Data, Knowledge, Pedagogy: The Age of Machine Learning (short-term project Dec. 7-8, 2018)
Organized by Jeffrey Ahlman, History; Bozena Wellborne, Government
December 7-8, 2018
The advent of the Digital Age (or the “Information Age”) has thrown scholars across a variety of academic disciplines—especially those relying on textual and experiential evidence—into an existential crisis. Not only has this new era seemingly embraced everything quantitative and rooted in scientific materialism; it has also resulted in a rapid change in how societies define, gather, spread, and ultimately interpret information. Furthermore, the shift from analog to digital modalities has implications for the permanence and immutability of the information or “data” generated by scholars and laypeople alike. Once something is created within a digital platform or uploaded into a digital medium, it is infinitely malleable. While that offers up countless possibilities, it also raises the specter of “fake” information with godlike verisimilitude, which further begs what is then knowable.
Yet, the emergence of “data analytics” as a byproduct of advances in machine learning has also returned some of the value to text by essentially quantifying it and facilitating the speedy analysis of vast reams of textual evidence.
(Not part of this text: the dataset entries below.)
(* Let $H$ be a Hilbert space and $U_{ik}\in B(H)$, $i,k=1,\dots,n$, operators satisfying relations (R1)–(R5). Then every $U_{ik}$ is normal: $U_{ik}U_{ik}^*=U_{ik}^*U_{ik}$ for all $i,k$.
   Context: $n\ge2$, $\theta\in M_n(\mathbb R)$ skew-symmetric, $\omega_{ij}=e^{2\pi i\theta_{ij}}$. Relations, for all $i,j,k,l\in\{1,\dots,n\}$: (R1) $U_{ik}U_{jl}+\omega_{ji}U_{jk}U_{il}=\omega_{kl}U_{il}U_{jk}+\omega_{ji}\omega_{kl}U_{jl}U_{ik}$; (R2) $\sum_iU_{ik}U_{il}^*=\delta_{kl}1$; (R3) $\sum_iU_{il}^*U_{ik}=\delta_{kl}1$; (R4) $U_{jk}U_{ik}^*=0$ for $i\neq j$; (R5) $U_{ik}^*U_{jk}=0$ for $i\neq j$. *)

From HB Require Import structures.
From mathcomp Require Import all_boot all_order all_algebra.
From mathcomp Require Import reals trigo.
From mathcomp Require Import complex.
Set Implicit Arguments. Unset Strict Implicit. Unset Printing Implicit Defensive.
Import Order.TTheory GRing.Theory Num.Theory.
Local Open Scope ring_scope.

Section Hilbert.
Variable R : realType.
Local Notation C := (R[i]).
(* The complex scalar field is C = R[i], a numClosedFieldType; its order is
   the usual partial order (z >= 0 iff z is real and nonnegative). *)

Definition cexpi (t : R) : C := Complex (cos t) (sin t).

Definition omega (n : nat) (theta : 'M[R]_n) (i j : 'I_n) : C :=
  cexpi (2 * pi * theta i j).

Variable V : lmodType C.
Variable ip : V -> V -> C.

Definition is_inner_product : Prop :=
  [/\ forall (a : C) (x y z : V), ip (a *: x + y) z = a * ip x z + ip y z,
      forall x y : V, ip y x = Num.conj (ip x y),
      forall x : V, 0 <= ip x x
    & forall x : V, ip x x = 0 -> x = 0].

Definition hnorm (x : V) : C := sqrtC (ip x x).

Definition is_complete : Prop :=
  forall u : nat -> V,
    (forall e : C, 0 < e -> exists N : nat, forall m p : nat,
        (N <= m)%N -> (N <= p)%N -> hnorm (u m - u p) < e) ->
    exists l : V, forall e : C, 0 < e -> exists N : nat, forall m : nat,
        (N <= m)%N -> hnorm (u m - l) < e.

Definition is_hilbert : Prop := is_inner_product /\ is_complete.

Definition is_bounded_op (T : V -> V) : Prop :=
  (forall (a : C) (x y : V), T (a *: x + y) = a *: T x + T y) /\
  exists M : C, forall x : V, hnorm (T x) <= M * hnorm x.

Definition is_adjoint (T S : V -> V) : Prop :=
  forall x y : V, ip (T x) y = ip x (S y).

End Hilbert.

From HB Require Import structures.
From mathcomp Require Import all_boot all_order all_algebra.
From mathcomp Require Import reals trigo.
From mathcomp Require Import complex.
Import Order.TTheory GRing.Theory Num.Theory.
Local Open Scope ring_scope.

(* Relations (R2)-(R5) make every U_ik a partial isometry with U_il^* U_ik = 0
   for k <> l, and (R1) with i = j then gives U_ik U_il = 0. Summing (R1) over
   the rows expresses U_ik through the range projections P_jl = U_jl U_jl^*
   of another column l, so U_ik and its adjoint commute with every P_jl, l <> k.
   For i <> j, the vector y = U_ik U_jk x is killed by P_il and P_jl, so for
   each of the n - 1 columns l <> k it is covered by the n - 2 projections P_ml,
   m <> i, j; since P_ml P_ml' = 0 and P_ml commutes with P_m'l' for l <> l',
   a pigeonhole argument forces y = 0. Thus U_ik U_jk = 0 and, taking adjoints,
   U_jk^* U_ik^* = 0, which kills all cross terms when both U_ik U_ik^* and
   U_ik^* U_ik are expanded with (R2) and (R3). *)

Set Implicit Arguments.
Unset Strict Implicit.
Unset Printing Implicit Defensive.

Lemma omega_diag (R : realType) (n : nat) (theta : 'M[R]_n) (i : 'I_n) :
  theta^T = - theta -> omega theta i i = 1.
Proof.
move=> /(congr1 (fun M : 'M[R]_n => M i i)); rewrite !mxE => /esym/eqP.
by rewrite eqNr => /eqP theta_ii0; rewrite /omega theta_ii0 mulr0 /cexpi cos0 sin0.
Qed.

Lemma pigeonhole_cover_eq0 (I : eqType) (V : zmodType)
    (P : I -> I -> {additive V -> V}) :
  (forall m m' l l' y, l != l' -> P m l (P m' l' y) = P m' l' (P m l y)) ->
  (forall m l l' y, l != l' -> P m l (P m l' y) = 0) ->
  forall (L M : seq I) (y : V), uniq L -> (size M < size L)%N ->
  (forall l, l \in L -> y = \sum_(m <- M) P m l y) -> y = 0.
Proof.
move=> P_comm P_orth; elim=> [|l0 L IHL] // M y /andP[l0L uniqL] ltML yP.
rewrite (yP l0 (mem_head _ _)) big1_seq // => m /andP[_ mM].
apply: (IHL (rem m M)) => // [|l lL].
  by rewrite size_rem //; case: M mM ltML {yP} => // ? ?; rewrite ltnS.
have l0l : l0 != l by apply: contraNneq l0L => ->.
rewrite {1}(yP l (mem_behead (s := l0 :: L) lL)) raddf_sum (big_rem m mM) /=.
rewrite P_orth // add0r.
by apply: eq_bigr => m' _; apply: P_comm.
Qed.

Section InnerProduct.
Variables (R : realType) (V : lmodType R[i]) (ip : V -> V -> R[i]).
Hypothesis ipP : is_inner_product ip.

Lemma ipBl x y z : ip (x - y) z = ip x z - ip y z.
Proof.
case: ipP => ip_linear _ _ _.
exact: (zmod_morphism_linear (s := *%R) (fun a u v => ip_linear a u v z)).
Qed.

Lemma ip0l z : ip 0 z = 0.
Proof. by rewrite -(subrr 0) ipBl subrr. Qed.

Lemma ipBr x y z : ip z (x - y) = ip z x - ip z y.
Proof. by case: ipP => _ ip_conj _ _; rewrite !(ip_conj _ z) ipBl rmorphB. Qed.

Lemma ip0r z : ip z 0 = 0.
Proof. by rewrite -(subrr 0) ipBr subrr. Qed.

Lemma ip_inj_r y1 y2 : (forall x, ip x y1 = ip x y2) -> y1 = y2.
Proof.
case: ipP => _ _ _ ip_definite eq_ip; apply/eqP; rewrite -subr_eq0.
by apply/eqP/ip_definite; rewrite ipBr eq_ip subrr.
Qed.

Lemma adjoint_sym T S : is_adjoint ip T S -> is_adjoint ip S T.
Proof. by case: ipP => _ ip_conj _ _ adjTS x y; rewrite ip_conj -adjTS -ip_conj. Qed.

Lemma adjoint_comp A As B Bs : is_adjoint ip A As -> is_adjoint ip B Bs ->
  is_adjoint ip (A \o B) (Bs \o As).
Proof. by move=> adjA adjB x y; rewrite /= adjA adjB. Qed.

Lemma adjoint_eq T1 T2 S1 S2 : T1 =1 T2 ->
  is_adjoint ip T1 S1 -> is_adjoint ip T2 S2 -> S1 =1 S2.
Proof. by move=> eqT adj1 adj2 y; apply: ip_inj_r => x; rewrite -adj1 -adj2 eqT. Qed.

Lemma adjoint_eq0 T S : (forall x, T x = 0) -> is_adjoint ip T S ->
  forall y, S y = 0.
Proof. by move=> T0 adjTS y; apply: ip_inj_r => x; rewrite -adjTS T0 ip0l ip0r. Qed.

End InnerProduct.

Section TwistedRelations.
Variables (R : realType) (V : lmodType R[i]) (ip : V -> V -> R[i]).
Hypothesis ipP : is_inner_product ip.
Variables (n : nat) (w : 'I_n -> 'I_n -> R[i]).
Variables (U Us : 'I_n -> 'I_n -> {linear V -> V}).
Hypothesis w_diag : forall i, w i i = 1.
Hypothesis adjU : forall i k, is_adjoint ip (U i k) (Us i k).
Hypothesis U_twisted_comm : forall i j k l x,
  U i k (U j l x) + w j i *: U j k (U i l x)
  = w k l *: U i l (U j k x) + (w j i * w k l) *: U j l (U i k x).
Hypothesis sum_U_Us : forall k l x,
  \sum_(i < n) U i k (Us i l x) = if k == l then x else 0.
Hypothesis sum_Us_U : forall k l x,
  \sum_(i < n) Us i l (U i k x) = if k == l then x else 0.
Hypothesis U_Us_neq_row : forall i j k x, i != j -> U j k (Us i k x) = 0.
Hypothesis Us_U_neq_row : forall i j k x, i != j -> Us i k (U j k x) = 0.

Lemma U_Us_U i k x : U i k (Us i k (U i k x)) = U i k x.
Proof.
transitivity (U i k (\sum_(j < n) Us j k (U j k x))); last by rewrite sum_Us_U eqxx.
by rewrite linear_sum (bigD1 i) //= big1 ?addr0 // => j ji; apply: U_Us_neq_row.
Qed.

Lemma Us_U_Us i k x : Us i k (U i k (Us i k x)) = Us i k x.
Proof.
transitivity (Us i k (\sum_(j < n) U j k (Us j k x))); last by rewrite sum_U_Us eqxx.
rewrite linear_sum (bigD1 i) //= big1 ?addr0 // => j ji.
by apply: Us_U_neq_row; rewrite eq_sym.
Qed.

Lemma Us_U_neq_col i k l x : k != l -> Us i l (U i k x) = 0.
Proof.
move=> kl; rewrite -Us_U_Us.
suff -> : U i l (Us i l (U i k x)) = 0 by rewrite linear0.
transitivity (U i l (\sum_(j < n) Us j l (U j k x))).
  by rewrite linear_sum (bigD1 i) //= big1 ?addr0 // => j ji; apply: U_Us_neq_row.
by rewrite sum_Us_U (negbTE kl) linear0.
Qed.

Lemma U_U_neq_col i k l x : k != l -> U i k (U i l x) = 0.
Proof.
move=> kl; rewrite -U_Us_U.
suff -> : Us i k (U i k (U i l x)) = 0 by rewrite linear0.
have := congr1 (Us i k) (U_twisted_comm i i k l x).
rewrite w_diag scale1r mul1r !linearD !linearZ /= (@Us_U_neq_col i l k) 1?eq_sym //.
rewrite scaler0 addr0 => /eqP; rewrite -mulr2n -scaler_nat scaler_eq0 pnatr_eq0.
by move/eqP.
Qed.

Lemma U_expansion i k l x : k != l ->
  U i k x = \sum_(j < n) (w j i * w k l) *: U j l (U i k (Us j l x)).
Proof.
move=> kl.
have sum_first : \sum_(j < n) U i k (U j l (Us j l x)) = U i k x.
  by rewrite -linear_sum sum_U_Us eqxx.
have sum_second : \sum_(j < n) w j i *: U j k (U i l (Us j l x)) = 0.
  apply: big1 => j _; have [-> | ji] := eqVneq j i.
    by rewrite U_U_neq_col ?scaler0.
  by rewrite U_Us_neq_row ?linear0 ?scaler0.
have sum_third : \sum_(j < n) w k l *: U i l (U j k (Us j l x)) = 0.
  by rewrite -scaler_sumr -linear_sum sum_U_Us (negbTE kl) linear0 scaler0.
transitivity (\sum_(j < n)
    (U i k (U j l (Us j l x)) + w j i *: U j k (U i l (Us j l x)))).
  by rewrite big_split /= sum_first sum_second addr0.
rewrite (eq_bigr _ (fun j _ => U_twisted_comm i j k l (Us j l x))).
by rewrite big_split /= sum_third add0r.
Qed.

Lemma proj_U_comm i k m l x : k != l ->
  U m l (Us m l (U i k x)) = U i k (U m l (Us m l x)).
Proof.
move=> kl; rewrite [RHS](U_expansion i _ kl) (U_expansion i x kl) !linear_sum.
rewrite (bigD1 m) //= [RHS](bigD1 m) //= !big1 ?addr0 => [|j jm|j jm].
- by rewrite !linearZ /= U_Us_U Us_U_Us.
- by rewrite Us_U_neq_row ?linear0 ?scaler0.
- by rewrite !linearZ /= Us_U_neq_row 1?eq_sym ?linear0 ?scaler0.
Qed.

Lemma proj_Us_comm i k m l y : k != l ->
  Us i k (U m l (Us m l y)) = U m l (Us m l (Us i k y)).
Proof.
move=> kl; have proj_selfadj := adjoint_comp (adjU m l) (adjoint_sym ipP (adjU m l)).
apply: (adjoint_eq ipP _ (adjoint_comp proj_selfadj (adjU i k))
                         (adjoint_comp (adjU i k) proj_selfadj)) => x /=.
exact: proj_U_comm.
Qed.

Lemma proj_comm m m' l l' y : l != l' ->
  U m l (Us m l (U m' l' (Us m' l' y))) = U m' l' (Us m' l' (U m l (Us m l y))).
Proof. by move=> ll'; rewrite proj_Us_comm // proj_U_comm. Qed.

Lemma proj_orth m l l' y : l != l' -> U m l (Us m l (U m l' (Us m l' y))) = 0.
Proof. by move=> ll'; rewrite Us_U_neq_col 1?eq_sym // linear0. Qed.

Lemma U_U_neq_row i j k x : i != j -> U i k (U j k x) = 0.
Proof.
move=> ij; set y := U i k (U j k x); set e := index_enum 'I_n.
have jIe : j \in rem i e.
  by rewrite mem_rem_uniq ?index_enum_uniq // inE eq_sym ij mem_index_enum.
apply: (@pigeonhole_cover_eq0 _ _ (fun m l => U m l \o Us m l)
          _ _ (rem k e) (rem j (rem i e))) => [m m' l l' z ll'|m l l' z ll'| | |l].
- exact: proj_comm.
- exact: proj_orth.
- by rewrite rem_uniq ?index_enum_uniq.
- rewrite (size_rem jIe) !size_rem ?mem_index_enum //.
  by rewrite -(size_rem (mem_index_enum i)) ltn_predL; case: (rem i e) jIe.
rewrite mem_rem_uniq ?index_enum_uniq // inE => /andP[lk _].
have kl : k != l by rewrite eq_sym.
have P_il_y : U i l (Us i l y) = 0 by rewrite /y Us_U_neq_col ?linear0.
have P_jl_y : U j l (Us j l y) = 0.
  by rewrite /y proj_U_comm // Us_U_neq_col // !linear0.
have := sum_U_Us l l y; rewrite eqxx => sum_proj_y.
rewrite -{1}sum_proj_y (big_rem i) ?mem_index_enum //=.
by rewrite (big_rem j) //= P_il_y P_jl_y !add0r.
Qed.

Lemma Us_Us_neq_row i j k y : i != j -> Us j k (Us i k y) = 0.
Proof.
move=> ij; apply: (adjoint_eq0 ipP _ (adjoint_comp (adjU i k) (adjU j k))) => x.
exact: U_U_neq_row.
Qed.

Lemma U_Us_normal i k x : U i k (Us i k x) = Us i k (U i k x).
Proof.
have := sum_Us_U k k x; have := sum_U_Us k k (Us i k (U i k x)).
rewrite !eqxx => expand_rhs expand_x; rewrite -{1}expand_x -expand_rhs !linear_sum.
rewrite (bigD1 i) //= [RHS](bigD1 i) //= !big1 // => j ji.
  by rewrite Us_Us_neq_row ?linear0 // eq_sym.
by rewrite Us_Us_neq_row ?linear0.
Qed.

End TwistedRelations.

Theorem proposition3p14 (R : realType) (V : lmodType R[i]) (ip : V -> V -> R[i])
  (n : nat) (theta : 'M[R]_n) (U Us : 'I_n -> 'I_n -> V -> V) :
  is_hilbert ip ->
  (2 <= n)%N ->
  theta^T = - theta ->
  (forall i k, is_bounded_op ip (U i k)) ->
  (forall i k, is_bounded_op ip (Us i k)) ->
  (forall i k, is_adjoint ip (U i k) (Us i k)) ->
  (* (R1) *)
  (forall (i j k l : 'I_n) (x : V),
      U i k (U j l x) + omega theta j i *: U j k (U i l x)
      = omega theta k l *: U i l (U j k x)
        + (omega theta j i * omega theta k l) *: U j l (U i k x)) ->
  (* (R2) *)
  (forall (k l : 'I_n) (x : V),
      \sum_(i < n) U i k (Us i l x) = if k == l then x else 0) ->
  (* (R3) *)
  (forall (k l : 'I_n) (x : V),
      \sum_(i < n) Us i l (U i k x) = if k == l then x else 0) ->
  (* (R4) *)
  (forall (i j k : 'I_n) (x : V), i != j -> U j k (Us i k x) = 0) ->
  (* (R5) *)
  (forall (i j k : 'I_n) (x : V), i != j -> Us i k (U j k x) = 0) ->
  forall (i k : 'I_n) (x : V), U i k (Us i k x) = Us i k (U i k x).
Proof.
move=> [ipP _] _ theta_skew boundedU boundedUs adjU R1 R2 R3 R4 R5.
pose UL i k : {linear V -> V} :=
  HB.pack (U i k) (GRing.isLinear.Build _ _ _ _ (U i k) (boundedU i k).1).
pose UsL i k : {linear V -> V} :=
  HB.pack (Us i k) (GRing.isLinear.Build _ _ _ _ (Us i k) (boundedUs i k).1).
exact: (@U_Us_normal R V ip ipP n (omega theta) UL UsL
          (fun i => omega_diag i theta_skew) adjU R1 R2 R3 R4 R5).
Qed.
In fact, with the spread and application of machine-learning algorithms across multiple disciplines—from biostatistics and finance to linguistic anthropology—many scholars may find that all you need is “data.” Theory is, then, often seen as optional, with the algorithm gaining the responsibility of “cutting through the noise.” The traditional categories of data, information, knowledge and wisdom sometimes appear to blur.
This short-term Kahn seeks to engage scholars across all three divisions in an exploration of what this growing emphasis on machine learning means for scholarship, pedagogy, and knowledge production more broadly. Key questions we intend to ask include:
- What is data in the Age of Machine Learning and what is our relationship to it?
- How has the rise of Big Data reshaped the types of questions we ask in our work?
- How might the turn to Big Data reinforce inequalities in our teaching and research or even create new forms of inequities in our work?
- How might Big Data force us to rethink key ethical concerns driving our teaching and research?
We have invited Heather Roff, senior research analyst at the National Security Analysis Department at the Johns Hopkins Applied Physics Laboratory, to present publicly and participate in this project. She will speak on “Artificial Epistemiology: Knowledge, Truth, and Value in Machine Learning” on December 7, and will join our group conversation on December 8.